(Saved entries)
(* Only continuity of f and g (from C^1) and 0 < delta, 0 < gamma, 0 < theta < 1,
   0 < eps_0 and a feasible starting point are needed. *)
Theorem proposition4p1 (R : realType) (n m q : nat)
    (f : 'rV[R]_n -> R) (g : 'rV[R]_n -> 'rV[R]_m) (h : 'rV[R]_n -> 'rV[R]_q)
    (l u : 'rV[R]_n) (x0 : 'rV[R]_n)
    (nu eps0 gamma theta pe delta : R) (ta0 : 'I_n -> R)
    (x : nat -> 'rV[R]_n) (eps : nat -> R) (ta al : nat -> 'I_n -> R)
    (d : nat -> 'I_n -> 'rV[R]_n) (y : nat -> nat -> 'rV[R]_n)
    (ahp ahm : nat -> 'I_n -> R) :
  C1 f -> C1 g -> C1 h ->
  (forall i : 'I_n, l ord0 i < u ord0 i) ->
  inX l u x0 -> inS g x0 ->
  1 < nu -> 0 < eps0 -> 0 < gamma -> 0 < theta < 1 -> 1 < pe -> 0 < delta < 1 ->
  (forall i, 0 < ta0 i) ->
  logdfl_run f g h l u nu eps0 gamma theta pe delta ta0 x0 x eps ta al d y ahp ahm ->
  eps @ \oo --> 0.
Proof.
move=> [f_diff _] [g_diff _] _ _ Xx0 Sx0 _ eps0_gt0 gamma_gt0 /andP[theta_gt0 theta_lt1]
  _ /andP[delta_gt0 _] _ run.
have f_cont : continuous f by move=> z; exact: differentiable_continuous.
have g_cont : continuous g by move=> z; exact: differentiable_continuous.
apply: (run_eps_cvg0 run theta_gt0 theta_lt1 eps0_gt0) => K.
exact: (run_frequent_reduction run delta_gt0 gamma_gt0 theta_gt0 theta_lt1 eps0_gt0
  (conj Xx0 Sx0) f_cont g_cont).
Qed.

==

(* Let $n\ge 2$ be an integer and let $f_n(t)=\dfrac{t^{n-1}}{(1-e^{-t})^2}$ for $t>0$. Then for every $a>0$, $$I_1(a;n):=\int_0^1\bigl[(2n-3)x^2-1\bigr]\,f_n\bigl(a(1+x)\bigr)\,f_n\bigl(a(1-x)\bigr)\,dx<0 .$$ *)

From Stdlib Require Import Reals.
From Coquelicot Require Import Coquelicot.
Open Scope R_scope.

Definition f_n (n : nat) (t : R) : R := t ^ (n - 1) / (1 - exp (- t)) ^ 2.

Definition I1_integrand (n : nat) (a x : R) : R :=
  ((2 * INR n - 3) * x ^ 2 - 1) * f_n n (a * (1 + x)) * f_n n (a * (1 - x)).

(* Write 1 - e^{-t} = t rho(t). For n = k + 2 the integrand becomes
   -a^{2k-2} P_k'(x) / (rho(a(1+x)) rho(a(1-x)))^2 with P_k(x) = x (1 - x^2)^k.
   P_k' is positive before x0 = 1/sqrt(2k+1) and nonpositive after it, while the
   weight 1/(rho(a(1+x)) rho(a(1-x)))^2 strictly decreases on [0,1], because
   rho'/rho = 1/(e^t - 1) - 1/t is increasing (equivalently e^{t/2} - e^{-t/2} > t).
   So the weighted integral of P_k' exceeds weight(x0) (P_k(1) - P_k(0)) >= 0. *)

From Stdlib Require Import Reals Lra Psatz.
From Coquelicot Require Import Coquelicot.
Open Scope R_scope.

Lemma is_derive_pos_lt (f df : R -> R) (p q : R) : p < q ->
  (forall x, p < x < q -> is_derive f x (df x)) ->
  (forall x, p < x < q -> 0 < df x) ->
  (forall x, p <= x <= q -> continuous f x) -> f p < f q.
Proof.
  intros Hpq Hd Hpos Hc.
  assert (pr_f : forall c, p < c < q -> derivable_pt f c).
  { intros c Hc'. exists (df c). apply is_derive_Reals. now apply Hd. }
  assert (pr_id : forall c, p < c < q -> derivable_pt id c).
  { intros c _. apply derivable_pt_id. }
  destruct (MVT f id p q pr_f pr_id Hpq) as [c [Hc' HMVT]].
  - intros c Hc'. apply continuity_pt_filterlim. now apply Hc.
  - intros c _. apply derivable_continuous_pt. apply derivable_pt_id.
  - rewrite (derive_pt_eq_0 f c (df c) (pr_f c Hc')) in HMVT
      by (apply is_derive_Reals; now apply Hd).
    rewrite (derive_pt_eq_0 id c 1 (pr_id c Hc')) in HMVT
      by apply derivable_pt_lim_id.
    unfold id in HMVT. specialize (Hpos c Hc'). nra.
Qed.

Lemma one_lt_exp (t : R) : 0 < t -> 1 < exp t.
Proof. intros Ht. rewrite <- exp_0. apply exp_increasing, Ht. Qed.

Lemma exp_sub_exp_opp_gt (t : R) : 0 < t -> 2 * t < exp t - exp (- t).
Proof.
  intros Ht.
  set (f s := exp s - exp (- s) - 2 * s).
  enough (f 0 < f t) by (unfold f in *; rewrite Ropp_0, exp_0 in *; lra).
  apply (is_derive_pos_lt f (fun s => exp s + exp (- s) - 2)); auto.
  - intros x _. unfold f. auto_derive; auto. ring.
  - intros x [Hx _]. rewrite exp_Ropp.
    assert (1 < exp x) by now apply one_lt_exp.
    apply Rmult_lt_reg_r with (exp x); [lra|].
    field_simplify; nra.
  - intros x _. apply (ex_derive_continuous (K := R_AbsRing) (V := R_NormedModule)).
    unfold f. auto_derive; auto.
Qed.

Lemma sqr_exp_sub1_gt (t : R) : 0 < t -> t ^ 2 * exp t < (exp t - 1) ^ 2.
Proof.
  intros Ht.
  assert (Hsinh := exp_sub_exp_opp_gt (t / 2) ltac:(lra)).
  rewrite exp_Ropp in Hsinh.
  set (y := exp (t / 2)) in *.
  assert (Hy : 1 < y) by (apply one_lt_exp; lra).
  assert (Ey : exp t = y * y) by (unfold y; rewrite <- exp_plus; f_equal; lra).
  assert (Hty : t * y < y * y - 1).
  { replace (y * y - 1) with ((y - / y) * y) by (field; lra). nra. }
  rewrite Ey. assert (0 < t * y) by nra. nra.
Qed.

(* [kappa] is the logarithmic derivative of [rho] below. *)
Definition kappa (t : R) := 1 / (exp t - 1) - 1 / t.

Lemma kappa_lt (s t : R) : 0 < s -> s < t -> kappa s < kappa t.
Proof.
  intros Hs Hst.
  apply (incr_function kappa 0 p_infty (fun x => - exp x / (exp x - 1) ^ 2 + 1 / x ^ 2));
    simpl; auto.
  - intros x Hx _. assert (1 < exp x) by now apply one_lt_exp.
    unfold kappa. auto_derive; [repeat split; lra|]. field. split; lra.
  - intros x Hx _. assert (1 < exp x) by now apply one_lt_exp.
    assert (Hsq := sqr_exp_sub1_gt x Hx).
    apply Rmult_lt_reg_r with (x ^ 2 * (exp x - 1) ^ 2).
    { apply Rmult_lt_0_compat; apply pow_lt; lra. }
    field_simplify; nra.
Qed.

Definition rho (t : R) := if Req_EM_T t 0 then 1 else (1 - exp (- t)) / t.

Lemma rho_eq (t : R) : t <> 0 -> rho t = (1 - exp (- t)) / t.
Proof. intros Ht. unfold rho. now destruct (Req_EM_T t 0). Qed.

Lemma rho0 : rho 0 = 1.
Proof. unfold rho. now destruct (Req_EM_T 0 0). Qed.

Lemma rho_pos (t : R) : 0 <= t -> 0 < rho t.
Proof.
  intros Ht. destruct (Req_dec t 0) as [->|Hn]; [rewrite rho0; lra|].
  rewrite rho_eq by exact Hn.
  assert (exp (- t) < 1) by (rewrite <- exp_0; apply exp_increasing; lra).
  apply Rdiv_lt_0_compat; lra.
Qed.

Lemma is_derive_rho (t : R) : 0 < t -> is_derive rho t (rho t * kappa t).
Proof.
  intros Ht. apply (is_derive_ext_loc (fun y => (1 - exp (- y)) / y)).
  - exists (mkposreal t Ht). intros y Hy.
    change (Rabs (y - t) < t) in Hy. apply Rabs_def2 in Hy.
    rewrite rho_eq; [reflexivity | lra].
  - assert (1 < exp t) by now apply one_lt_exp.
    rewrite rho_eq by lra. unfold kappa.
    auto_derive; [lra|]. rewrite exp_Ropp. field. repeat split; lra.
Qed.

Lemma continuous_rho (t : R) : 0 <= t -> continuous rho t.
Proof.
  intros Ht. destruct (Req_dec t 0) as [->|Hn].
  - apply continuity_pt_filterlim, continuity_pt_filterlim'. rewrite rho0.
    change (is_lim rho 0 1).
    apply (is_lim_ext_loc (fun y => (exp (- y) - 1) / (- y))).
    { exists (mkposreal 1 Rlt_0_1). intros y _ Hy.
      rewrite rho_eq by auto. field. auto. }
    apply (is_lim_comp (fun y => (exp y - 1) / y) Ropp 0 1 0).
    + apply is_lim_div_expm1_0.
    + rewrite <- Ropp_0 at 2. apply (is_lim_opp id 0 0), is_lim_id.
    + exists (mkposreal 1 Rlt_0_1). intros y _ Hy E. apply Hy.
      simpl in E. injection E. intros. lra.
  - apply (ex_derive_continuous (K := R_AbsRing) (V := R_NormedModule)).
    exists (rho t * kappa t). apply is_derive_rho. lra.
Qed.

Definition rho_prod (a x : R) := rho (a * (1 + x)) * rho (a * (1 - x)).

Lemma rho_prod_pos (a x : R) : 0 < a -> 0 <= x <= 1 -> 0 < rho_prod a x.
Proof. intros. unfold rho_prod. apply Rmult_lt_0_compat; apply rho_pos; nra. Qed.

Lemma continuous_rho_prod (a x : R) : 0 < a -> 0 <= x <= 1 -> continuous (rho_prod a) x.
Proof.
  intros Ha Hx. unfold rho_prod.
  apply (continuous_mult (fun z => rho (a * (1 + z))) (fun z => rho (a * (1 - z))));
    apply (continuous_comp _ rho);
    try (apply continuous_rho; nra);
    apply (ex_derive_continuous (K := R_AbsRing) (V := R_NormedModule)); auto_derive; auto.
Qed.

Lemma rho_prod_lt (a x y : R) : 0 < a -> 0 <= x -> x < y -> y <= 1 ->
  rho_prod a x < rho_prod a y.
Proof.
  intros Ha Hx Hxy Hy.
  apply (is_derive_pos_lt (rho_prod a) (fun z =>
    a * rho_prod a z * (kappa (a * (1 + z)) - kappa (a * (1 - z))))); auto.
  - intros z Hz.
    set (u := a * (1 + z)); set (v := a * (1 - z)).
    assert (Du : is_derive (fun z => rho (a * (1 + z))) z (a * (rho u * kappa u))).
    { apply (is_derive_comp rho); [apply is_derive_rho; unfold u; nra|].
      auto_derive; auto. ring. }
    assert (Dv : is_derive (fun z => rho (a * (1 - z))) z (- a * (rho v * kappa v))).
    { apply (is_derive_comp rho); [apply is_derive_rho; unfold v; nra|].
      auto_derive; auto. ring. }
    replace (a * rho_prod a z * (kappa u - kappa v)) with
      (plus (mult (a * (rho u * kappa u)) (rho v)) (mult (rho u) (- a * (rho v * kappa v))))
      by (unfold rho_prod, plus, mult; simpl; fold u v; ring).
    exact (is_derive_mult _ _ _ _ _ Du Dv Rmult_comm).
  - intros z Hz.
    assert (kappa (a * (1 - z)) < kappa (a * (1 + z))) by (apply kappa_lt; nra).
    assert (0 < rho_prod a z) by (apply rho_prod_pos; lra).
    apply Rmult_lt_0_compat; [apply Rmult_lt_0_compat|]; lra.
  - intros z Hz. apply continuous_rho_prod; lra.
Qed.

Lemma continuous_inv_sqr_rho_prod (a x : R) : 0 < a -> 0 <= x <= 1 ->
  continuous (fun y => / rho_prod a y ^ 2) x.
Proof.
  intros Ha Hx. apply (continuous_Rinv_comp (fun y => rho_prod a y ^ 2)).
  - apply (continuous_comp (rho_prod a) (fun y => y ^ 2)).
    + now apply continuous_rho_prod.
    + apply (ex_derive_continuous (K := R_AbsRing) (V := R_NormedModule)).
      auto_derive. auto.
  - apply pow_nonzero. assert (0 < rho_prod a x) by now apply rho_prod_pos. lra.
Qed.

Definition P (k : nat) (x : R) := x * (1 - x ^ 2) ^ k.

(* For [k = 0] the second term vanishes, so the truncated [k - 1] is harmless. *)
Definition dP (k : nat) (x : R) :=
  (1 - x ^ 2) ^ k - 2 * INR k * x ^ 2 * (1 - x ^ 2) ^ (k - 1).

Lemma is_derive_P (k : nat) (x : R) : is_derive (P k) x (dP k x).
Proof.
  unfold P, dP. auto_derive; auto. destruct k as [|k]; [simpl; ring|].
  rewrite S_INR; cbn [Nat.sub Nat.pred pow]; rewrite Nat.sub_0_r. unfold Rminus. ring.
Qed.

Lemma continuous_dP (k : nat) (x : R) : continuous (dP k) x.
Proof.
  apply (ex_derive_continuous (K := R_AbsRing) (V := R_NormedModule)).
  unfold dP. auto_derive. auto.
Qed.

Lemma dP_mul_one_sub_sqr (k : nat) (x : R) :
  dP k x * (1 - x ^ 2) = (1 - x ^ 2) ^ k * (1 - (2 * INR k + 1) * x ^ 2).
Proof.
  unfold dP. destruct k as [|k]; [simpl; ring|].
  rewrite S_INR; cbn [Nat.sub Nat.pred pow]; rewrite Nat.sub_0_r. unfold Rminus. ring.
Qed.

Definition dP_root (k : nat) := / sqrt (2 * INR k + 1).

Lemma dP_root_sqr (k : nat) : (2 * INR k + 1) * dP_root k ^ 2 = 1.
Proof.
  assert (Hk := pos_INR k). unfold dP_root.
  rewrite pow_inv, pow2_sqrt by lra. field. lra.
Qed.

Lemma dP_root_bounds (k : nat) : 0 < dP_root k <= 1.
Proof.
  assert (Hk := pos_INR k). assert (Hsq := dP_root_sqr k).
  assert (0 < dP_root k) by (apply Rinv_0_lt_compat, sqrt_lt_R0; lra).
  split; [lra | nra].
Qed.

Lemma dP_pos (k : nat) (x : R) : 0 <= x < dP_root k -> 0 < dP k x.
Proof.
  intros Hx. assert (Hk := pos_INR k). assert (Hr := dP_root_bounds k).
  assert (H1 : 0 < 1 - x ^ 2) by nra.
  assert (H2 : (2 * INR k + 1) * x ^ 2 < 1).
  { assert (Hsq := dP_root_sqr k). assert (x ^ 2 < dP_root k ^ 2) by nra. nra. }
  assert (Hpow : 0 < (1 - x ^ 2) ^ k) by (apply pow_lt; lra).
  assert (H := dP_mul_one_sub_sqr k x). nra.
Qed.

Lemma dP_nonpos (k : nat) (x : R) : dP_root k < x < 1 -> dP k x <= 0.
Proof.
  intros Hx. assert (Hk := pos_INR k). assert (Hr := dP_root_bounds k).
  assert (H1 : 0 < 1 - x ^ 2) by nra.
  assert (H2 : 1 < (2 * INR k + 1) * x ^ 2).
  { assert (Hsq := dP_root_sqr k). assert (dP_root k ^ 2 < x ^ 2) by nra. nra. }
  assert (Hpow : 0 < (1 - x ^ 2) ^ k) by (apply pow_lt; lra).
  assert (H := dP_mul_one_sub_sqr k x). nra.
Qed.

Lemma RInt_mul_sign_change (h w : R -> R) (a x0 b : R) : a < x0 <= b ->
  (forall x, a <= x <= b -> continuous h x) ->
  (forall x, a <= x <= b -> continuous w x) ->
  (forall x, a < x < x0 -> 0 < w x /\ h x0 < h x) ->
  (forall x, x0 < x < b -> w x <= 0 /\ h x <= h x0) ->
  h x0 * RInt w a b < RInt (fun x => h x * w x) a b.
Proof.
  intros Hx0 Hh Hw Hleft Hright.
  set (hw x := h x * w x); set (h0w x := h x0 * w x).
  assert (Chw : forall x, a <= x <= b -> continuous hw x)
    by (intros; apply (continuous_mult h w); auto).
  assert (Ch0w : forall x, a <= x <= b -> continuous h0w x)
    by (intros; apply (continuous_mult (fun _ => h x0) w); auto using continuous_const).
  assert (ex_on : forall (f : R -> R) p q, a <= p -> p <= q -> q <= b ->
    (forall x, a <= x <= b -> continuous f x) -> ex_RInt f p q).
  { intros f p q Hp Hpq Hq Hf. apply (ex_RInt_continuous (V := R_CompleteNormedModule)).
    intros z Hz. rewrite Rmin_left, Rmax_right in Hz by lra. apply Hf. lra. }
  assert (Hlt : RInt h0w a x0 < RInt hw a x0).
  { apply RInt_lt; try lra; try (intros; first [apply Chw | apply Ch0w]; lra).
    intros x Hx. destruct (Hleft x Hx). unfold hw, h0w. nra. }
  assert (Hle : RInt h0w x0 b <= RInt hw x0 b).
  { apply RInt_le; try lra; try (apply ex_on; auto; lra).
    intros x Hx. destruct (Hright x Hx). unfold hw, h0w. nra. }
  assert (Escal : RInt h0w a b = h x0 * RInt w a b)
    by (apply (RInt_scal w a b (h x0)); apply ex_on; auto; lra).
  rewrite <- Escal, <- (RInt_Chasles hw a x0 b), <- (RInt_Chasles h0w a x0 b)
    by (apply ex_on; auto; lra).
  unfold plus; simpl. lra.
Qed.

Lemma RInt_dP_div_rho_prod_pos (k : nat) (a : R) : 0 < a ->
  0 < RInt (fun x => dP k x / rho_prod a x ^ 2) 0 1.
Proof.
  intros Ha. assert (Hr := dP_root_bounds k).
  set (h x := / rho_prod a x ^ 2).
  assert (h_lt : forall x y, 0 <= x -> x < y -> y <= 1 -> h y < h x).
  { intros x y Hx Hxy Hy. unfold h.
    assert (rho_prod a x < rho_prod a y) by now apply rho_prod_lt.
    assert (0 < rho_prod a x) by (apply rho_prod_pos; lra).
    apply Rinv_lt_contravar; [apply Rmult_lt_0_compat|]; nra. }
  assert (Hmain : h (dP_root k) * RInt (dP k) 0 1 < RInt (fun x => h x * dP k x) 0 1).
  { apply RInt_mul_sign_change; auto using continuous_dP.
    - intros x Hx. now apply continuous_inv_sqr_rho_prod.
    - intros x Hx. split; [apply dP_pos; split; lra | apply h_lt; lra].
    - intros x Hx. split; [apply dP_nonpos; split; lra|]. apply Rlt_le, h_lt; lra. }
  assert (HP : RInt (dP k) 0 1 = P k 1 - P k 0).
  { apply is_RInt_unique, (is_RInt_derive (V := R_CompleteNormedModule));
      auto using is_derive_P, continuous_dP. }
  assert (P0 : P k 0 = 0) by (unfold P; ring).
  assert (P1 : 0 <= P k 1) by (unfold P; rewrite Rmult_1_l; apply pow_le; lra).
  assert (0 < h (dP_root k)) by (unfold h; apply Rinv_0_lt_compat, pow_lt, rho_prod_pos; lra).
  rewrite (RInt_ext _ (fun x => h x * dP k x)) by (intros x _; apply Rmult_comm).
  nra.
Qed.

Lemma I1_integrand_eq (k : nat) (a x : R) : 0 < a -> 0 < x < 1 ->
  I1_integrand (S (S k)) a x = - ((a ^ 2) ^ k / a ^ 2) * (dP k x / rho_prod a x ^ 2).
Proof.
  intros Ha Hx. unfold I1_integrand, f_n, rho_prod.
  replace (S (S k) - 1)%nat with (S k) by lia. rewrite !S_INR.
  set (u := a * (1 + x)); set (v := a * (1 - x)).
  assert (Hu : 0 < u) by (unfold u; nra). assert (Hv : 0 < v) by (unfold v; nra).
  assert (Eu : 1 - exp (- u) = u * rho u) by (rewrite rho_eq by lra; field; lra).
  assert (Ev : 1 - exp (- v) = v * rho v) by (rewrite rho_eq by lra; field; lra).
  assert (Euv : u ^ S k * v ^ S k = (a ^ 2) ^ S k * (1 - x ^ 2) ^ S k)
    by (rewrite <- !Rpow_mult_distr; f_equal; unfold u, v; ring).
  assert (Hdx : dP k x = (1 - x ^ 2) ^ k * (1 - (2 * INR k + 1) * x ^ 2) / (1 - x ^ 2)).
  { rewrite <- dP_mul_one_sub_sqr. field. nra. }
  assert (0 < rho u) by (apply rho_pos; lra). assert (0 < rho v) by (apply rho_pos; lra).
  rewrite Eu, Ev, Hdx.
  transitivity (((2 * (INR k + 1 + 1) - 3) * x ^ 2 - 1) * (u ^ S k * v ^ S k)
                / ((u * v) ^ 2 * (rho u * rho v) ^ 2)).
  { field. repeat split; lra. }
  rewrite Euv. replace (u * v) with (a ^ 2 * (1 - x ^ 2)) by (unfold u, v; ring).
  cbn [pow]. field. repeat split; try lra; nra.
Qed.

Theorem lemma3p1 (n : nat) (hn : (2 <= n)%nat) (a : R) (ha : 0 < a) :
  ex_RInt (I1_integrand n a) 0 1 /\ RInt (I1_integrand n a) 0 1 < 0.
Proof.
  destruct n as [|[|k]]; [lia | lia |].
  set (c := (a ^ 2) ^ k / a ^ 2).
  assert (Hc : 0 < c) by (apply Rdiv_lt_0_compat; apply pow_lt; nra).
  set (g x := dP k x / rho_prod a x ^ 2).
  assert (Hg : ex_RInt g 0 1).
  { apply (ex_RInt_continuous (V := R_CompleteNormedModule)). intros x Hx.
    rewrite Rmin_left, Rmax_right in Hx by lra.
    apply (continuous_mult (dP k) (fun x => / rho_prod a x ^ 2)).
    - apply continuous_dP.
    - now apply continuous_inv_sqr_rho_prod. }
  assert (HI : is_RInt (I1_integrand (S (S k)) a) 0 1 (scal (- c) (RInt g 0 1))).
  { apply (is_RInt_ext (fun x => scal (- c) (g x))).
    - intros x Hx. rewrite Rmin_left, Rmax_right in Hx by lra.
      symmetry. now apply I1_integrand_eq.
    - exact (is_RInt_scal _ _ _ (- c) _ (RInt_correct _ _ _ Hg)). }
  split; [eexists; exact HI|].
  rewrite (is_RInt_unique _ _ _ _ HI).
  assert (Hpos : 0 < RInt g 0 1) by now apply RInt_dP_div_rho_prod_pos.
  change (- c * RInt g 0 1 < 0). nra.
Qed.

---

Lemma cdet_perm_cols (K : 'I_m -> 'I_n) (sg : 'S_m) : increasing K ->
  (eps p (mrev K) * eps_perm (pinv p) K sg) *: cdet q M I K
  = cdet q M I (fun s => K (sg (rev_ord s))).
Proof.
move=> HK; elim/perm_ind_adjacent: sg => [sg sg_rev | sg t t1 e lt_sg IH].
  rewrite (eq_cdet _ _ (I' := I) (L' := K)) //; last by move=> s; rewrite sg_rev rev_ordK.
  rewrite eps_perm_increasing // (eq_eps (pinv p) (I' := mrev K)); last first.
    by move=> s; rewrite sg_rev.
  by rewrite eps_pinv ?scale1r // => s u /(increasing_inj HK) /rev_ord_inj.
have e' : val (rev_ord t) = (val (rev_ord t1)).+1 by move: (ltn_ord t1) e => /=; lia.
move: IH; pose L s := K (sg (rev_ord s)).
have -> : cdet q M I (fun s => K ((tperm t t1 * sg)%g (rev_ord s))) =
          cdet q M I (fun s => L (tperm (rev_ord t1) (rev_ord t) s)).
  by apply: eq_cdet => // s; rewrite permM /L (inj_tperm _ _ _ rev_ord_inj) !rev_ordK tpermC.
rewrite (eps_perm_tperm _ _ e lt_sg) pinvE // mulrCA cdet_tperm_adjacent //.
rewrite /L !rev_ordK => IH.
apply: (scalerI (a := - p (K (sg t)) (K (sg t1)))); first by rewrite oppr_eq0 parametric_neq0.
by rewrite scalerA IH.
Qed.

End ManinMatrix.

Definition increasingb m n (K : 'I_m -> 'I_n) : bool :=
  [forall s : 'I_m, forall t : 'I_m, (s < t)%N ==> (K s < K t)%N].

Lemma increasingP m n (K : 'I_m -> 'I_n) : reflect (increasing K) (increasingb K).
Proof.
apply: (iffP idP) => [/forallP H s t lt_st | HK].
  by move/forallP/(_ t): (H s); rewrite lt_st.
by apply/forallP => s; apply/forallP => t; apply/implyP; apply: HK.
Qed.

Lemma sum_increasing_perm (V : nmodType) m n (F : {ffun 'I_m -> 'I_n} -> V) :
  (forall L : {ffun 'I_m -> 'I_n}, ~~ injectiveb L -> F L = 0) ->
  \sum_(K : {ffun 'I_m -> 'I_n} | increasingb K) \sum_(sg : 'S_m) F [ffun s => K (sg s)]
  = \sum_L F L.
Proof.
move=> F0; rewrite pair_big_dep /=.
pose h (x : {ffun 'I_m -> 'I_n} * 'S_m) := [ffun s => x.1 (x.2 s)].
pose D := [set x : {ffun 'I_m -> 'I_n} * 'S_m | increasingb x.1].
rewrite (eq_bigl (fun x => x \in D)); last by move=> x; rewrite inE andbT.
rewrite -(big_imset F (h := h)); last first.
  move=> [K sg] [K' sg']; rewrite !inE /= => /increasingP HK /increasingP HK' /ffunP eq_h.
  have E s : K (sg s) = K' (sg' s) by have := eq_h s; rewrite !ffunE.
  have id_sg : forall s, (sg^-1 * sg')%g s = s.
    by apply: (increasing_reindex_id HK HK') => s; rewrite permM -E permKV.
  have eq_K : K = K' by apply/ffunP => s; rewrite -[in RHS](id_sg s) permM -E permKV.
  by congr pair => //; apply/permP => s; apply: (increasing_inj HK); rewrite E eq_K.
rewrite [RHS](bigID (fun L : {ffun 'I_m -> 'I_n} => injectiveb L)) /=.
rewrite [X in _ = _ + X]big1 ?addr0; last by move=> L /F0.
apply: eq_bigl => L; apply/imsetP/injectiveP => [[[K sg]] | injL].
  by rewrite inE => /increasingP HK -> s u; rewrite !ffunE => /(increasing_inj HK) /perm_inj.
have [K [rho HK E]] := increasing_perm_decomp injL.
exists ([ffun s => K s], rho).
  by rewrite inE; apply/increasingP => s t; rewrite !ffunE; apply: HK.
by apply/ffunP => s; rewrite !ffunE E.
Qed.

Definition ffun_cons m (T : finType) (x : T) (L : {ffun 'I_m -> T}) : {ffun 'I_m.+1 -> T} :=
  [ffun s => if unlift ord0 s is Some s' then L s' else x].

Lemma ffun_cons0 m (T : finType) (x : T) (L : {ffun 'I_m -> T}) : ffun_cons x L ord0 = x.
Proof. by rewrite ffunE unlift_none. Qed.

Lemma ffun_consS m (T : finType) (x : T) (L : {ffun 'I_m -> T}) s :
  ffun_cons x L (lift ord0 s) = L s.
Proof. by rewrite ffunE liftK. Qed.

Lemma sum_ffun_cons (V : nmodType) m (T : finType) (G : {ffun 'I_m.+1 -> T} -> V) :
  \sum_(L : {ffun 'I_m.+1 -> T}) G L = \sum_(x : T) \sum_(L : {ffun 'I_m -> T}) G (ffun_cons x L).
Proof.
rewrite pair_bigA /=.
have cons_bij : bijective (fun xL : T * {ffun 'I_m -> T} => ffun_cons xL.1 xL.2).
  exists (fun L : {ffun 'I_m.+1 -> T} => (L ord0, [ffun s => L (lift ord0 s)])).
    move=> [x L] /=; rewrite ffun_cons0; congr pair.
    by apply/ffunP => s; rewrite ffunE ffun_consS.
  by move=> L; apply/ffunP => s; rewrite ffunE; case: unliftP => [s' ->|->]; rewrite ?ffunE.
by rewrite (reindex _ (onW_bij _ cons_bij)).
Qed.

WHAT IS REQUIRED => Please return every line in the data that includes the string "Hright".

ANSWER SECTION =>
  intros Hx0 Hh Hw Hleft Hright.
    intros x Hx. destruct (Hright x Hx). unfold hw, h0w. nra. }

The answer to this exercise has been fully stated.